The task
Determine the number of lines in the data that contain "From", and write only that number.

┏━━

Lemma chirp_periodic (P Q u : Z) : (1 <= Q)%Z ->
  chirp P Q (u + Z.of_nat (Z.to_nat Q))%Z = chirp P Q u.
Proof.
  intros HQ. rewrite Z2Nat.id by lia. unfold chirp.
  apply Cexpi_eq with (k := (- P * (u + Q))%Z).
  assert (IZR Q <> 0) by (apply not_0_IZR; lia).
  unfold chirp_phase. rewrite plus_IZR, mult_IZR, opp_IZR, plus_IZR. field. assumption.
Qed.

(* Each term of the sum defining G is, after completing the square, a fixed
   phase times the chirp at s - b (j - k + beta_shift); periodicity of the
   chirp removes the shift. *)
Lemma G_factorization (P Q nu b v : Z) (j k : nat) :
  P <> 0%Z -> (1 <= Q)%Z -> Z.gcd P Q = 1%Z -> (b * P + v * Q = 1)%Z ->
  G P Q nu j k = Cmul (gauss_const P Q nu)
    (Cmul (Cexpi (row_phase P Q nu b j)) (Cmul (Cexpi (col_phase P Q nu b k)) (Cpow (node P Q b k) j))).
Proof.
  intros HP HQ Hg Hb.
  assert (Hq : IZR Q <> 0) by (apply not_0_IZR; lia).
  assert (Hp : IZR P <> 0) by (apply not_0_IZR; lia).
  assert (Hv : IZR v = (1 - IZR b * IZR P) / IZR Q).
  { apply (f_equal IZR) in Hb. rewrite plus_IZR, !mult_IZR in Hb.
    field_simplify_eq; [lra | exact Hq]. }
  unfold G, a_coef, red_p, red_q. rewrite Hg, !Z.div_1_r, Cscale_Cmul.
  set (m := (Z.of_nat j - Z.of_nat k + beta_shift P Q nu)%Z).
  set (E := - PI * IZR P * beta P Q nu ^ 2 / IZR Q + row_phase P Q nu b j + col_phase P Q nu b k
            + INR j * (- 2 * PI * IZR P * IZR b ^ 2 * INR k / IZR Q)).
  (* Completing the square, modulo 2 pi, using v = (1 - b P)/Q. *)
  assert (Hterm : forall s : nat,
    Cmul (Cexpi (2 * PI * INR s * (INR j - INR k) / IZR Q))
         (Cexpi (- PI * IZR P * (INR (S s) + beta P Q nu - 1) ^ 2 / IZR Q))
    = Cmul (Cexpi E) (chirp P Q (Z.of_nat s + - b * m)%Z)).
  { intros s. unfold chirp. rewrite !Cexpi_add.
    apply Cexpi_eq with (k := (v * m * Z.of_nat s)%Z).
    unfold m, E, chirp_phase, row_phase, col_phase, beta_shift.
    repeat rewrite ?mult_IZR, ?plus_IZR, ?minus_IZR, ?opp_IZR.
    rewrite <- !INR_IZR_INZ, Hv, beta_eq, S_INR. field. split; assumption. }
  rewrite (Csum_ext _ _ _ (fun s _ => Hterm s)), Csum_scal,
          (Csum_periodic_shift (chirp P Q)) by (intros; apply chirp_periodic, HQ).
  unfold gauss_const, node, E. rewrite Cpow_Cexpi, <- !Cexpi_add. ring.
Qed.

(* K <> 0: otherwise every entry of G vanishes, contradicting G_column_sum. *)
Lemma gauss_const_neq0 (P Q nu b v : Z) :
  P <> 0%Z -> (1 <= Q)%Z -> Z.gcd P Q = 1%Z -> (b * P + v * Q = 1)%Z ->
  gauss_const P Q nu <> C0.
Proof.
  intros HP HQ Hg Hb HK.
  apply (Cexpi_neq0 (- PI * IZR (red_p P Q) * (INR 1 + beta P Q nu - 1) ^ 2 / IZR (red_q P Q))).
  change (a_coef P Q nu 1 = C0). rewrite <- G_column_sum by exact HQ.
  apply Csum_zero. intros m _. rewrite (G_factorization P Q nu b v) by assumption.
  rewrite HK. ring.
Qed.
(* Let $\mathcal{U}_\chi(\mathfrak{g})=\bigoplus_\lambda A_\lambda$ be the block decomposition and $b$ the bilinear form described in the context, and let $V=V_i$ be a term of the PBW filtration on $\mathcal{U}_\chi(\mathfrak{g})$. Then the orthogonal complement $V^\perp$ with respect to $b$ is also a term of the PBW filtration, and \[\pi_\lambda(V)^{\perp_\lambda}=A_\lambda\cap V^\perp,\] where $\perp_\lambda$ denotes orthogonal complement in $A_\lambda$ with respect to the restriction $b_\lambda$ of $b$ to $A_\lambda\times A_\lambda$. In particular $\dim\pi_\lambda(V)+\dim(A_\lambda\cap V^\perp)=\dim A_\lambda$.
   Context: Let $k$ be an algebraically closed field of characteristic $p>0$, $G$ a semisimple connected simply connected algebraic group over $k$ with Lie algebra $\mathfrak{g}$ (a restricted Lie algebra with $p$-map $x\mapsto x^{[p]}$), $\chi\in\mathfrak{g}^*$ and $\mathcal{U}_\chi(\mathfrak{g})=\mathcal{U}(\mathfrak{g})/\langle x^p-x^{[p]}-\chi(x)^p:x\in\mathfrak{g}\rangle$. Fix a basis $x_1,\dots,x_N$ of $\mathfrak{g}$; the monomials $\prod_i x_i^{e_i}$, $0\le e_i\le p-1$, form a basis of $\mathcal{U}_\chi(\mathfrak{g})$. $V_d$ is the span of such monomials with $\sum e_i\le d$ (the PBW filtration). Let $\varphi:\mathcal{U}_\chi(\mathfrak{g})\to k$ be the linear map with $\varphi(\prod_i x_i^{p-1})=1$ and $\varphi=0$ on all other basis monomials, and $b(u,v)=\varphi(uv)$; it is known that $b$ is a non-degenerate associative bilinear form. $\mathcal{U}_\chi(\mathfrak{g})=\bigoplus_\lambda A_\lambda$ is the block decomposition, $A_\lambda=\pi_\lambda\mathcal{U}_\chi(\mathfrak{g})$ with $\pi_\lambda$ central idempotents, and $\pi_\lambda$ also denotes the projection $u\mapsto\pi_\lambda u$. *)

From HB Require Import structures.
From mathcomp Require Import all_boot all_order all_algebra all_field.
Set Implicit Arguments. Unset Strict Implicit. Unset Printing Implicit Defensive.
Import GRing.Theory.
Local Open Scope ring_scope.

┗━━

Exercise solution
2